À Maurice, nous n’avions jamais connu cette expérience-là alors même que l’on parlait d’explosion démographique. Et les politiques adoptées par le pays et les lois avaient été volontaires, laissant le choix au couple de décider librement du nombre d’enfants qu’il voulait. L’État répondait au souhait des Mauriciens qui voulait limiter les naissances en leur fournissant les moyens nécessaires pour réussir leurs projets. Même si la démarche des pouvoirs publics avait été critiquée au début, pour des raisons surtout religieuses, l’État ne recula point puisque les couples mauriciens exerçaient leur droit, leur liberté et avaient choisi de régler leur vie, la taille de leur famille selon leurs ambitions propres.

La leçon à retenir était celle du principe de droit de l’individu, du couple, en matière de procréation. L’État n’a rien imposé en termes de lois ou de politiques, il a simplement suivi le courant, respectant le droit de toute personne de décider du nombre d’enfants qu’elle souhaite avoir. Mais qu’en est-il de ce principe de droit au choix, aujourd’hui que la situation a changé, et que nous sommes dans un contexte où le taux de fécondité a chuté au point d’être en dessous du taux de remplacement ?

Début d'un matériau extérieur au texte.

(* Let $P$ be any multiprogram in which each process is a single-threaded program accessing read/write variables from a set $V$, and let $K=\{V_1,\dots,V_m\}$ be any partition of a subset of $V$. Let $L(K)=\{1,\dots,m\}$. Then each of the two transformations $\mathrm{SWFR}$ and $\mathrm{FWSR}$ (described in the context) correctly implements the partition consistency model $\mathrm{PC}(K)$ on the partial-order broadcast model $\mathrm{POB}(L(K))$; i.e., for every finite computation $\widehat C$ of the transformed multiprogram that satisfies $\mathrm{POB}(L(K))$ and in which every transformed operation has completed, the interpretation $C$ of $\widehat C$ satisfies $\mathrm{PC}(K)$.
   Context: Framework. A thread issues a sequence of operation invocations (its program order). A process is a finite collection of threads; a multiprogram is a finite collection of processes. A computation of a multiprogram is obtained by completing every invocation with an arbitrary response; it is thus one sequence of completed operations per thread. $O_C$ is the set of operations of computation $C$; $O_C|p$ is the set of operations of process $p$; $O_C|\mathrm{wrts}$ is the set of all write operations; $O_C|\mathrm{wrts}(S)$ is the set of writes to variables in $S$. Program order $\to_{\mathrm{prog}}$ is the union of the per-thread total orders. A memory consistency model is a predicate on computations. Validity: a sequence of reads/writes on a variable is valid if each read returns the value of the most recent preceding write to that variable in the sequence (or the initial value if none); a sequence of operations on several objects is valid if its restriction to each object is valid. For broadcast objects, a sequence of bcast/deliver operations is valid if no deliver precedes its corresponding bcast (the bcast need not appear in the sequence) and no particular deliver occurs more than once. For relations $R,T$ and a set $A$: $\mathrm{Extends}[A,R,T]$ means $\forall a_1,a_2\in A: a_1 T a_2 \Rightarrow a_1 R a_2$; $\mathrm{Agree}[A,R,T]$ means $\forall a_1,a_2\in A: a_1 R a_2 \Leftrightarrow a_1 T a_2$. Partition consistency: for a partition $K=\{V_1,\dots,V_m\}$ of a subset of the shared variables, $\mathrm{PC}(K)(C)$ holds iff there exist, for every process $p$, a valid total order $\to_{L_p}$ on $O_C|p\cup O_C|\mathrm{wrts}$ such that for all $p$, $\mathrm{Extends}[O_C|p\cup O_C|\mathrm{wrts},\to_{L_p},\to_{\mathrm{prog}}]$, and for all $p,q$ and $i\in[1,m]$, $\mathrm{Agree}[O_C|\mathrm{wrts}(V_i),\to_{L_p},\to_{L_q}]$. Partial-order broadcast model: processes are multithreaded; threads of the same process share local variables; distinct processes communicate via unique update objects with operations $\mathrm{bcast}(u,l)$ (broadcast update $u$ with label $l\in L\cup\{\bot\}$, $\bot$ meaning unlabeled) and $\mathrm{deliver}$ returning some $(u,l)$. Define $x\to_{\mathrm{delOrder}} y$ iff $x=\mathrm{deliver}(u_1,l_1)$, $y=\mathrm{deliver}(u_2,l_2)$ and $\mathrm{bcast}(u_1,l_1)\to_{\mathrm{prog}}\mathrm{bcast}(u_2,l_2)$. $O_C|\mathrm{delivers}(l)$ is the set of delivers returning an update with label $l\neq\bot$. $\mathrm{POB}(L)(C)$ holds iff there exist, for each process $p$, a valid total order $\to_{L_p}$ on $O_C|p$ with $\mathrm{Extends}[O_C|p,\to_{L_p},\to_{\mathrm{prog}_p}\cup\to_{\mathrm{delOrder}}]$ for all $p$, $\mathrm{Agree}[O_C|\mathrm{delivers}(l),\to_{L_p},\to_{L_q}]$ for all $p,q$ and $l\in L$, and for every $p$: $\mathrm{bcast}(m,l)\in O_C$ iff $\mathrm{deliver}(m,l)\in O_C|p$. Correct implementation: a transformation $\tau$ maps a multiprogram $P$ to a target multiprogram $\tau(P)$, replacing each specified operation invocation by a target subroutine that returns a response (and possibly adding new threads). A computation $\widehat C$ of $\tau(P)$ is interpreted as the computation $C$ of $P$ in which each specified operation receives the response returned by its subroutine. $\tau$ correctly implements model $MC$ on target model $\widehat{MC}$ if, for every admissible $P$, the interpretation of every (finite, with all subroutines completed) computation of $\tau(P)$ satisfying $\widehat{MC}$ satisfies $MC$. The transformations. Each specified process $p$ becomes a target process $\widehat p$ with a main thread $\widehat p.m$ and a delivery thread $\widehat p.d$, sharing local variables: a replica $\mathrm{Memory}[\widehat p].x$ for each $x\in V$ (initially the initial value of $x$), and counters writes-requested and writes-processed (initially 0). In $\widehat p.m$: a read of $x$ returns $\mathrm{Memory}[\widehat p].x$; a write $\mathrm{write}(x,v)$ increments writes-requested, then performs $\mathrm{bcast}([x,v,\widehat p],i)$ if $x\in V_i$ for some $V_i\in K$, and $\mathrm{bcast}([x,v,\widehat p],\bot)$ otherwise. The procedure WaitWritesComplete busy-waits while writes-processed $<$ writes-requested. In SWFR, WaitWritesComplete is called at the end of every write; in FWSR it is instead called at the beginning of every read. The thread $\widehat p.d$ loops forever: perform a deliver returning $([x,v,\mathit{source}],l)$, set $\mathrm{Memory}[\widehat p].x\gets v$, and if $\mathit{source}=\widehat p$ increment writes-processed. *)

From mathcomp Require Import all_boot.
Set Implicit Arguments. Unset Strict Implicit. Unset Printing Implicit Defensive.

Fixpoint get (A : Type) (s : seq A) (i : nat) : option A :=
  match s, i with
  | [::], _ => None
  | a :: _, 0 => Some a
  | _ :: s', i'.+1 => get s' i'
  end.

(* A duplicate-free list [s] enumerating exactly the (finite) set [D];
   it represents a total order on [D]. *)
Definition enumerates (Id : Type) (D : Id -> Prop) (s : seq Id) : Prop :=
  (forall i j a, get s i = Some a -> get s j = Some a -> i = j) /\
  (forall a, D a <-> exists i, get s i = Some a).

Definition before (Id : Type) (s : seq Id) (a b : Id) : Prop :=
  exists i j, (i < j)%N /\ get s i = Some a /\ get s j = Some b.

Definition valid_rw (Id Loc Val : Type)
    (isW isR : Id -> Loc -> Val -> Prop) (init : Loc -> Val) (s : seq Id) : Prop :=
  forall k r l v, get s k = Some r -> isR r l v ->
    (exists j w, (j < k)%N /\ get s j = Some w /\ isW w l v /\
       (forall j' w' v', (j < j')%N -> (j' < k)%N -> get s j' = Some w' -> ~ isW w' l v'))
    \/ ((forall j w v', (j < k)%N -> get s j = Some w -> ~ isW w l v') /\ v = init l).

Section Spec.
Variables (Var Val : Type) (Proc : finType).

Inductive SInv := SRead of Var | SWrite of Var & Val.
Inductive SOp := SRd of Var & Val | SWr of Var & Val.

La population est en train de vieillir, et si l’on se fie aux projections démographiques, la population va commencer à baisser à partir de l’an 2022. La question est de savoir si quelque chose doit et surtout, peut être fait pour inverser la tendance. Est-ce qu’une loi ou une politique peut changer le cours des indicateurs ?

On a entendu des déclarations selon lesquelles il faudra encourager les couples à avoir plus d’enfants. Et on a même précisé : les couples de la classe moyenne. Indirectement, on est en train de se demander si une loi ou une politique peut faire augmenter la fécondité, c’est-à-dire si le droit et la politique peuvent influer sur la décision du couple, l’obligeant à avoir plus d’enfants ?

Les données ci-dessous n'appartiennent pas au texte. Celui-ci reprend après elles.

(* Assume (B1)–(B3) and consider the NL-IAPIAL method described in the context. For every $k\ge1$ at which $p_k$ is computed, $$\mathcal L_{c_k}(z_k;p_k)\le\mathcal L_{c_k}(z_k;p_{k-1})+\frac1{c_k}\|p_k-p_{k-1}\|^2,$$ $$\mathcal L_{c_k}(z_k;p_k)\le\mathcal L_{c_k}(z_{k-1};p_{k-1})-\Big(\frac{1-\sigma^2}{2\lambda}\Big)\|r_k\|^2+\frac1{c_k}\|p_k-p_{k-1}\|^2.$$
   Context: $\mathcal K\subseteq\mathbb{R}^\ell$ is a nonempty closed convex cone, $\mathcal K^*=\{y:\langle y,x\rangle\ge0\ \forall x\in\mathcal K\}$ its dual cone, $u\preceq_{\mathcal K}v$ means $v-u\in\mathcal K$, $\Pi_S$ is the Euclidean projection onto a closed convex set $S$, $\mathrm{dist}(y,S)$ the Euclidean distance. $\partial_\varepsilon\varphi(z):=\{u:\varphi(z')\ge\varphi(z)+\langle u,z'-z\rangle-\varepsilon\ \forall z'\}$, $\partial=\partial_0$. For differentiable $g:\mathbb{R}^n\to\mathbb{R}^\ell$, $\nabla g(z)\in\mathbb{R}^{n\times\ell}$ is the transpose of the Jacobian. $g$ is $\mathcal K$-convex if $g(tz'+(1-t)z)-tg(z')-(1-t)g(z)\preceq_{\mathcal K}0$ for all $z,z'$, $t\in[0,1]$. (B1) $h:\mathbb{R}^n\to(-\infty,\infty]$ proper lsc convex, $K_h$-Lipschitz on its domain; $\mathcal H:=\mathrm{dom}\,h$ compact with diameter $D_h$. (B2) $f$ differentiable on an open set containing $\mathcal H$; $m_f,L_f>0$ with $f(z')-f(z)-\langle\nabla f(z),z'-z\rangle\ge-\frac{m_f}{2}\|z'-z\|^2$ and $\|\nabla f(z')-\nabla f(z)\|\le L_f\|z'-z\|$ on $\mathcal H$. (B3) $g$ is $\mathcal K$-convex, differentiable, $\nabla g$ is $L_g$-Lipschitz on $\mathbb{R}^n$. (B4) there exist $\bar z\in\mathrm{int}\,\mathcal H$, $\tau\in(0,1]$ with $g(\bar z)\preceq_{\mathcal K}0$ and $\max\{\|\nabla g(z)p\|,|\langle p,g(\bar z)\rangle|\}\ge\tau\|p\|$ for all $z\in\mathcal H$, $p\in\mathcal K^*$. Constants: $B_f^{(1)}:=\sup_{\mathcal H}\|\nabla f\|$, $B_g^{(0)}:=\sup_{\mathcal H}\|g\|$, $B_g^{(1)}:=\sup_{\mathcal H}\|\nabla g\|$. Functions: $\phi=f+h$; $\mathcal L_c(z;p):=f(z)+h(z)+\frac1{2c}[\mathrm{dist}^2(p+cg(z),-\mathcal K)-\|p\|^2]$; $\widetilde{\mathcal L}_c(z;p):=\mathcal L_c(z;p)-h(z)$, with $\nabla_z\widetilde{\mathcal L}_c(z;p)=\nabla f(z)+\nabla g(z)\Pi_{\mathcal K^*}(p+cg(z))$; $\Lambda(c,p):=L_f+L_g\|p\|+c(B_g^{(0)}L_g+[B_g^{(1)}]^2)$. NL-IAPIAL method. Inputs: $\lambda\in(0,1/(2m_f)]$, $\sigma\in(0,1/\sqrt2]$, $c_1>0$, $(z_0,p_0)\in\mathcal H\times\mathbb{R}^\ell$, $(\hat\rho,\hat\eta)\in\mathbb{R}^2_{++}$. Set $\hat k=0$, $k=1$. Iteration $k$: (1) set $L^\psi_{k-1}:=\lambda\Lambda(c_k,p_{k-1})+1$, $\sigma_{k-1}:=\sigma/\sqrt{L^\psi_{k-1}}$, and obtain (by any procedure) $(z_k,v_k,\varepsilon_k)\in\mathbb{R}^n\times\mathbb{R}^n\times\mathbb{R}_+$ with $v_k\in\partial_{\varepsilon_k}(\lambda\mathcal L_{c_k}(\cdot;p_{k-1})+\frac12\|\cdot-z_{k-1}\|^2)(z_k)$ and $\|v_k\|^2+2\varepsilon_k\le\sigma_{k-1}^2\|v_k+z_{k-1}-z_k\|^2$. (2) Set $r_k:=v_k+z_{k-1}-z_k$, $\delta_k:=\varepsilon_k/\lambda$, $\hat z_k:=\mathrm{argmin}_u\{\lambda[\langle\nabla_z\widetilde{\mathcal L}_{c_k}(z_k;p_{k-1}),u-z_k\rangle+h(u)]-\langle r_k,u-z_k\rangle+\frac{L^\psi_{k-1}}2\|u-z_k\|^2\}$, $w_k:=\frac1\lambda[r_k+L^\psi_{k-1}(z_k-\hat z_k)]$, $\hat p_k:=\Pi_{\mathcal K^*}(p_{k-1}+c_kg(\hat z_k))$, $\hat q_k:=(p_{k-1}-\hat p_k)/c_k$, $\hat w_k:=w_k+\nabla_z\widetilde{\mathcal L}_{c_k}(\hat z_k;p_{k-1})-\nabla_z\widetilde{\mathcal L}_{c_k}(z_k;p_{k-1})$; if $\|\hat w_k\|\le\hat\rho$ and $\|\hat q_k\|\le\hat\eta$, stop. (3) $p_k:=\Pi_{\mathcal K^*}(p_{k-1}+c_kg(z_k))$. (4) If $k>\hat k+1$ and $\Delta_k:=\frac{1}{k-\hat k-1}[\mathcal L_{c_k}(z_{\hat k+1};p_{\hat k+1})-\mathcal L_{c_k}(z_k;p_k)]\le\frac{\lambda(1-\sigma^2)\hat\rho^2}{4(1+2\sigma)^2}$, set $c_{k+1}=2c_k$ and $\hat k=k$; otherwise $c_{k+1}=c_k$. (5) $k\leftarrow k+1$. *)

From HB Require Import structures.
From mathcomp Require Import all_boot all_order all_algebra.
From mathcomp Require Import all_classical all_reals all_analysis.
Set Implicit Arguments. Unset Strict Implicit. Unset Printing Implicit Defensive.
Import Order.TTheory GRing.Theory Num.Theory numFieldNormedType.Exports.
Local Open Scope classical_set_scope.
Local Open Scope ring_scope.

Section Defs.
Variable R : realType.

Definition dotv {n : nat} (u v : 'cV[R]_n) : R := (u^T *m v) 0 0.
Definition norm2 {n : nat} (u : 'cV[R]_n) : R := Num.sqrt (dotv u u).

Definition opnorm {k m : nat} (M : 'M[R]_(k, m)) : R :=
  sup [set norm2 (M *m x) | x in [set x : 'cV[R]_m | norm2 x <= 1]].

Definition distv {n : nat} (y : 'cV[R]_n) (S : set 'cV[R]_n) : R :=
  inf [set norm2 (y - x) | x in S].

(* Euclidean projection onto S (the nearest point; well defined and unique
   for nonempty closed convex S). *)
Definition proj_set {n : nat} (S : set 'cV[R]_n) (y : 'cV[R]_n) : 'cV[R]_n :=
  xget 0 [set x | S x /\ forall z, S z -> norm2 (y - x) <= norm2 (y - z)].

Definition convex_setv {n : nat} (S : set 'cV[R]_n) : Prop :=
  forall x y (t : R), S x -> S y -> 0 <= t <= 1 -> S (t *: x + (1 - t) *: y).

Definition closed_convex_cone {n : nat} (K : set 'cV[R]_n) : Prop :=
  K !=set0 /\ closed K /\ convex_setv K /\
  (forall (t : R) x, 0 <= t -> K x -> K (t *: x)).

Definition dual_cone {n : nat} (K : set 'cV[R]_n) : set 'cV[R]_n :=
  [set y | forall x, K x -> 0 <= dotv y x].

Definition neg_set {n : nat} (K : set 'cV[R]_n) : set 'cV[R]_n :=
  [set - x | x in K].

Definition cone_le {n : nat} (K : set 'cV[R]_n) (u v : 'cV[R]_n) : Prop := K (v - u).

Definition ext_on {n : nat} (D : set 'cV[R]_n) (phi : 'cV[R]_n -> R)
  (z : 'cV[R]_n) : \bar R := if `[< D z >] then (phi z)%:E else +oo%E.

(* eps-subdifferential of the extended-valued function (phi on D, +oo off D):
   v \in \partial_eps phi(z). Since D is nonempty this forces z \in D; for
   z' outside D the defining inequality holds trivially (+oo >= ...). *)
Definition esubdiff {n : nat} (D : set 'cV[R]_n) (phi : 'cV[R]_n -> R)
  (eps : R) (z v : 'cV[R]_n) : Prop :=
  D z /\ forall z', D z' -> phi z' >= phi z + dotv v (z' - z) - eps.

Definition Lag {n l : nat} (K : set 'cV[R]_l) (f h : 'cV[R]_n -> R)
  (g : 'cV[R]_n -> 'cV[R]_l) (c : R) (z : 'cV[R]_n) (p : 'cV[R]_l) : R :=
  f z + h z + (2 * c)^-1 * ((distv (p + c *: g z) (neg_set K)) ^+ 2 - (norm2 p) ^+ 2).

End Defs.

From HB Require Import structures.
From mathcomp Require Import all_boot all_order all_algebra.
From mathcomp Require Import all_classical all_reals all_analysis.
From mathcomp Require Import ring lra.
Import Order.TTheory GRing.Theory Num.Theory numFieldNormedType.Exports.
Local Open Scope classical_set_scope.
Local Open Scope ring_scope.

La réponse est négative et découle d’une logique simple. La loi ne peut pas forcer quelqu’un à procréer. La loi peut taxer le couple sans enfant ou celui avec moins de deux enfants, mais cela ne l’encouragera pas à vouloir procréer davantage. Les raisons qui motivent le nombre d’enfants sont inconnues des pouvoirs publics. Elles peuvent être de nature émotionnelle, économique, sociologique, politique, de santé, de culture et autres, mais ces raisonslà sont non seulement complexes et multiples, mais elles sont toujours personnelles, sur lesquelles le droit ou la politique ne peuvent intervenir. Impénétrable !

Les pouvoirs économiques en place constatent qu’il n’y a pas suffisamment de bras pour faire rouler les moulins à sous, mais ils ne peuvent s’immiscer dans les décisions du couple. Les pouvoirs politiques qui font des projections et veulent une croissance économique de plus en plus forte ne peuvent rien non plus pour qu’augmente le nombre de naissances. Même s’ils décident de ne plus donner gratuitement la pilule, le stérilet et autres méthodes de contraception, la population trouvera des moyens pour exercer son choix quant au nombre d’enfants.

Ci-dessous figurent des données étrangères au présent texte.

Theorem mainTheorem6 (n : nat) (J : seq nat) (z : algC) (p : nat)
    (F : finFieldType) (w : F) :
  (7 <= n)%N -> ~~ (3 %| n)%N ->
  (J = [:: 0; 1; 3]%N \/ J = [:: 0; 2; 3]%N) ->
  n.-primitive_root z ->
  prime p -> ~ P_bad n J z p -> ~~ (p %| n)%N ->
  (* reduction rho : Z[z] -> F = Z[z]/pp, a surjective ring morphism with
     p in its kernel; rho(z) = w *)
  p \in [pchar F] ->
  root (map_poly intr 'Phi_n) w ->
  (forall y : F, exists q : {poly int}, y = (map_poly intr q).[w]) ->
  is_cyclic_code (Gmat n J w) /\ \rank (Gmat n J w) = 3%N /\
  is_MDS (Gmat n J w) /\ ~ RS_type (Gmat n J w).
Proof.
move=> n_ge7 n_3 HJ z_prim _ notPbad _ pF Phi_w _.
have n_ge3 : (3 <= n)%N by lia.
have n_gt1 : (1 < n)%N by lia.
have minors_w (c : 'I_3 -> 'I_n) : injective c -> minorG J w c != 0.
  move=> c_inj; apply: (minorG_reduction_neq0 n_gt1 z_prim _ notPbad pF Phi_w).
  exact: minorG_algC_neq0.
have wn := Cyclotomic_root_unity (ltnW n_gt1) Phi_w.
have w_prim := prim_root_minorG n_ge3 HJ wn minors_w.
have minors_unit (c : 'I_3 -> 'I_n) : injective c -> colsub c (Gmat n J w) \in unitmx.
  by move=> /minors_w; rewrite unitmxE unitfE.
have rankG := mxrank_minors_unit n_ge3 minors_unit.
split; first exact: cyclic_Gmat.
split; first exact: rankG.
split; first exact: is_MDS_minors_unit.
exact: not_RS_type_Gmat.
Qed.
(** A single domain vector is equicontinuous: its orbits are Lipschitz with
    constants [~ ||Bm m (P m v)||], which stay bounded by the consistency
    hypothesis. *)
Lemma equicontinuous_domain_point v : DB v -> equicontinuous (fun w => w = v).
Proof.
  intros Hv eps He.
  destruct (seq_lim_bounded _ _ _ (proj2 (HBconv v Hv))) as [K [HK0 HK]].
  assert (HC1 := growth_ge1 MS om HMS 1 ltac:(lra)).
  set (k := (C 1 + 2) * MP * K + 1).
  assert (Hk : 1 <= k) by (unfold k; assert (0 <= (C 1 + 2) * MP * K) by
    (apply Rmult_le_pos; [apply Rmult_le_pos|]; lra); lra).
  exists (Rmin 1 (eps / k)).
  assert (Hmin : Rmin 1 (eps / k) <= eps / k) by apply Rmin_r.
  split; [split; [apply Rmin_glb_lt; [lra | apply Rdiv_lt_0_compat; lra] | apply Rmin_l]|].
  intros m s w -> Hs.
  assert (Hs1 : s <= 1) by (eapply Rle_trans; [apply Hs | apply Rmin_l]).
  assert (HB : vnorm (Bm m (P m v)) <= MP * K).
  { rewrite <- (Hi m (Bm m (P m v))). eapply Rle_trans; [apply P_bound|].
    apply Rmult_le_compat_l; [lra | apply HK]. }
  eapply Rle_trans.
  { apply (domain_lipschitz (HSm m) MS om HMS (HSmb m)); [apply HBconv; auto | lra]. }
  apply Rle_trans with (s * k).
  - assert ((C 1 + 2) * vnorm (Bm m (P m v)) <= (C 1 + 2) * (MP * K))
      by (apply Rmult_le_compat_l; lra).
    unfold k. nra.
  - apply Rle_trans with (eps / k * k); [apply Rmult_le_compat_r; lra|].
    right. field. lra.
Qed.

Lemma equicontinuous_finite (v : nat -> X) (L : nat) :
  (forall i, (i < L)%nat -> DB (v i)) ->
  equicontinuous (fun w => exists i, (i < L)%nat /\ w = v i).
Proof.
  induction L as [|L IH]; intro Hv.
  - intros eps He. exists 1. split; [lra|]. intros m s w [i [Hi0 _]]. lia.
  - apply (equicontinuous_union _ _ _ (IH ltac:(intros; apply Hv; lia))
             (equicontinuous_domain_point (v L) ltac:(apply Hv; lia))).
    intros w [i [HiL ->]]. destruct (Nat.eq_dec i L) as [->|]; [right | left]; eauto.
    exists i. split; auto; lia.
Qed.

La littérature est abondante sur les facteurs qui font baisser le taux de fécondité. Mais il en existe peu qui expliquent comment l’augmenter. Les tenants des pouvoirs politique et économique sont condamnés à vivre avec cette impossibilité d’inverser la baisse de la population active locale. Leurs regards doivent se tourner ailleurs que sur une loi ou une politique qui fera croître le nombre d’enfants à naître.

Pour rappel, jusque dans les années 80, le ministère de la Santé de Maurice s’appelait «Ministry of Health and Population Control» : l’annonce d’une mission destinée à faire baisser le nombre de naissances.

On le voit mal reprendre cette enseigne abandonnée qui, cette fois-ci, aura une vocation… contraire. !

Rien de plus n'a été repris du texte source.